Chapter 7, which generally takes about four to six months to complete, is also called “liquidation” because of the process involved. When a debtor files for Chapter 7, his or her non-exempt assets are sold by a trustee to various creditors, which helps pay off the filer’s debts. Filers in California can choose between two sets of exemptions, which are simply named System 1 and System 2. Your Chapter 7 bankruptcy lawyer can evaluate which system of exemptions will protect more of your property.
After the trustee has distributed sale proceeds among the debtor’s creditors, the bankruptcy court grants the debtor a discharge. The discharge has the effect of eliminating the debtor’s liability for most of his or her debts. Debts that are discharged in Chapter 7 bankruptcy include medical debt, credit card, certain tax-related debts, and debt from personal loans. While the debts continue to exist, creditors can no longer pursue the debtor for repayment.
Chapter 13 Bankruptcy
Chapter 13 is also called “reorganization” bankruptcy, or a “wage earner’s plan.” That is because, unlike Chapter 7, Chapter 13 requires filers to propose a reorganization plan, which must be approved by the bankruptcy court before the case can continue. The debtor’s creditors may object to the initial proposal, which is one of the reasons it is important to be represented by an experienced Chapter 13 bankruptcy attorney.

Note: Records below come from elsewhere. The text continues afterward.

Lemma cauchy_schwarz u v :
  (\sum_k u k * v k) ^+ 2 <= (\sum_k u k ^+ 2) * (\sum_k v k ^+ 2).
Proof.
set A := \sum_k u k ^+ 2; set B := \sum_k v k ^+ 2; set C := \sum_k u k * v k.
have [B0|B_neq0] := eqVneq B 0.
  have v0 k : v k = 0.
    apply/eqP; rewrite -sqrf_eq0; move/eqP: B0.
    by rewrite psumr_eq0 => [/allP/(_ k (mem_index_enum k))|i _]; [|exact: sqr_ge0].
  have -> : C = 0 by rewrite /C big1 // => k _; rewrite v0 mulr0.
  by rewrite B0 expr0n mulr0.
have B_gt0 : 0 < B by rewrite lt_def B_neq0 sumr_sqr_ge0.
have expand : \sum_k (B * u k - C * v k) ^+ 2 = B * (A * B - C ^+ 2).
  rewrite (eq_bigr (fun k => B ^+ 2 * u k ^+ 2 - (2 * B * C) * (u k * v k)
     + C ^+ 2 * v k ^+ 2)); last by move=> k _; ring.
  rewrite big_split /= sumrB -!mulr_sumr -/A -/B -/C; ring.
by have := sumr_sqr_ge0 (fun k => B * u k - C * v k); rewrite expand pmulr_rge0 // subr_ge0.
Qed.

Lemma enormD u v : enorm (fun k => u k + v k) <= enorm u + enorm v.
Proof.
rewrite /enorm.
set A := \sum_k u k ^+ 2; set B := \sum_k v k ^+ 2; set C := \sum_k u k * v k.
have A0 : 0 <= A := sumr_sqr_ge0 u; have B0 : 0 <= B := sumr_sqr_ge0 v.
rewrite -[X in _ <= X]ger0_norm ?addr_ge0 ?sqrtr_ge0 // -sqrtr_sqr.
rewrite ler_sqrt ?sqr_ge0 // sqrrD !sqr_sqrtr //.
have -> : \sum_k (u k + v k) ^+ 2 = A + 2 * C + B.
  rewrite (eq_bigr (fun k => u k ^+ 2 + 2 * (u k * v k) + v k ^+ 2)).
    by rewrite !big_split /= -mulr_sumr.
  by move=> k _; ring.
have : C <= Num.sqrt A * Num.sqrt B.
  apply: le_trans (ler_norm C) _.
  by rewrite -sqrtr_sqr -sqrtrM // ler_sqrt ?mulr_ge0 // cauchy_schwarz.
lra.
Qed.

Lemma enorm_subr_le_dist1 p q q' :
  enorm (fun k => p k - q' k) <= enorm (fun k => p k - q k) + dist1 q q'.
Proof.
have -> : (fun k => p k - q' k) = (fun k => (p k - q k) + (q k - q' k)).
  by apply: funext => k; ring.
apply: le_trans (enormD _ _) _; rewrite lerD2l; exact: enorm_le_sumr_norm.
Qed.

Lemma dist_le q S p : S p -> dist_to_set q S <= enorm (fun k => p k - q k).
Proof.
move=> Sp; apply: ge_inf; last by exists p.
by exists 0 => _ [p' _ <-]; exact: enorm_ge0.
Qed.

Lemma dist_le0 p S : S p -> dist_to_set p S <= 0.
Proof.
move=> /(dist_le p); congr (_ <= _); rewrite -enorm0.
by congr enorm; apply: funext => k; rewrite subrr.
Qed.

Lemma le_dist q S x : S !=set0 ->
  (forall p, S p -> x <= enorm (fun k => p k - q k)) -> x <= dist_to_set q S.
Proof.
move=> [p Sp] lex; apply: lb_le_inf; first by exists (enorm (fun k => p k - q k)), p.
by move=> _ [p' Sp' <-]; exact: lex.
Qed.

Lemma dist_le_add_dist1 q q' S : S !=set0 ->
  dist_to_set q' S <= dist_to_set q S + dist1 q q'.
Proof.
move=> S0; rewrite -lerBlDr; apply: le_dist => // p Sp.
by rewrite lerBlDr; apply: le_trans (dist_le q' Sp) (enorm_subr_le_dist1 _ _ _).
Qed.

End Norms.

(* Compactness by open covers ([compact_cover]) is stated for pointed spaces. *)
HB.instance Definition _ (R : realType) (K : finType) :=
  Pointed.copy (ptws K R) (K -> (R : ptopologicalType)).


Section Lipschitz.
Variables (R : realType) (K : finType).
Implicit Types (F G : (K -> R) -> R) (C : R).

Definition lipschitz1 F C := forall x y, `|F x - F y| <= C * dist1 x y.

Lemma lipschitz1B F G C1 C2 :
  lipschitz1 F C1 -> lipschitz1 G C2 -> lipschitz1 (fun x => F x - G x) (C1 + C2).
Proof.
move=> lipF lipG x y; rewrite mulrDl.
have -> : F x - G x - (F y - G y) = (F x - F y) - (G x - G y) by ring.
by apply: le_trans (ler_normB _ _) _; exact: lerD.
Qed.

Lemma lipschitz1_dotp (b : K -> R) M : (forall k, `|b k| <= M) ->
  lipschitz1 (dotp ^~ b) M.
Proof.
move=> bM x y; rewrite /dotp -sumrB /dist1 mulr_sumr.
apply: le_trans (ler_norm_sum _ _ _) _; apply: ler_sum => k _.
by rewrite -mulrBl normrM mulrC; exact: ler_wpM2r.
Qed.

Lemma lipschitz1_dist S : S !=set0 -> lipschitz1 (dist_to_set ^~ S) 1.
Proof.
move=> S0 x y; rewrite mul1r ler_norml.
have := dist_le_add_dist1 x y S0; have := dist_le_add_dist1 y x S0.
by rewrite (dist1C y x); lra.
Qed.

The reorganization plan is a three- to five-year plan under which the debtor makes monthly payments on various debts. The nature of each debt determines the order in, and extent to which, debts must be paid off. All of the debtor’s disposable income, or income left over after necessary living expenses have been accounted for, must be funneled into the reorganization plan.
The benefit of the reorganization plan is that it allows the debtor to keep his or her property, even without exemptions. By filing Chapter 13, a debtor can protect his or her vehicle from repossession, and even save his or her home from being repossessed. In short, the plan gives the debtor extra time to catch up on missed payments.
As long as the debtor stays on track with the plan, he or she can retain property that would otherwise be seized or repossessed. If the debtor misses too many payments, he or she may be forced to convert the case into a Chapter 7 bankruptcy. Once the Chapter 13 plan has been completed successfully, the bankruptcy court will grant a discharge, and, as in Chapter 7, the debtor will no longer be liable for debts that were addressed by the plan.
Because of the reorganization plan, Chapter 13 is more suitable for debtors with higher income, whereas Chapter 7 is usually utilized by debtors who have fewer assets and resources to draw upon. Chapter 13 is fairly common, but less widely used than Chapter 7, with about 3,000 filings in 2015.
Chapter 11 Bankruptcy
Chapter 11 bankruptcy is typically used by businesses. Chapter 11 for individuals is exceedingly rare, with just over 50 filings documented in 2015, but occasionally proves to be the most sensible filing option for individual debtors.
Chapter 11 is a complex process, but may be the right filing option if you have too much income to file for Chapter 7, and too much debt to file for Chapter 13. The process is similar to Chapter 13, and may require several years for completion. Our Chapter 11 bankruptcy attorneys can assess your debt and income levels to determine whether Chapter 11 is the most appropriate chapter for you.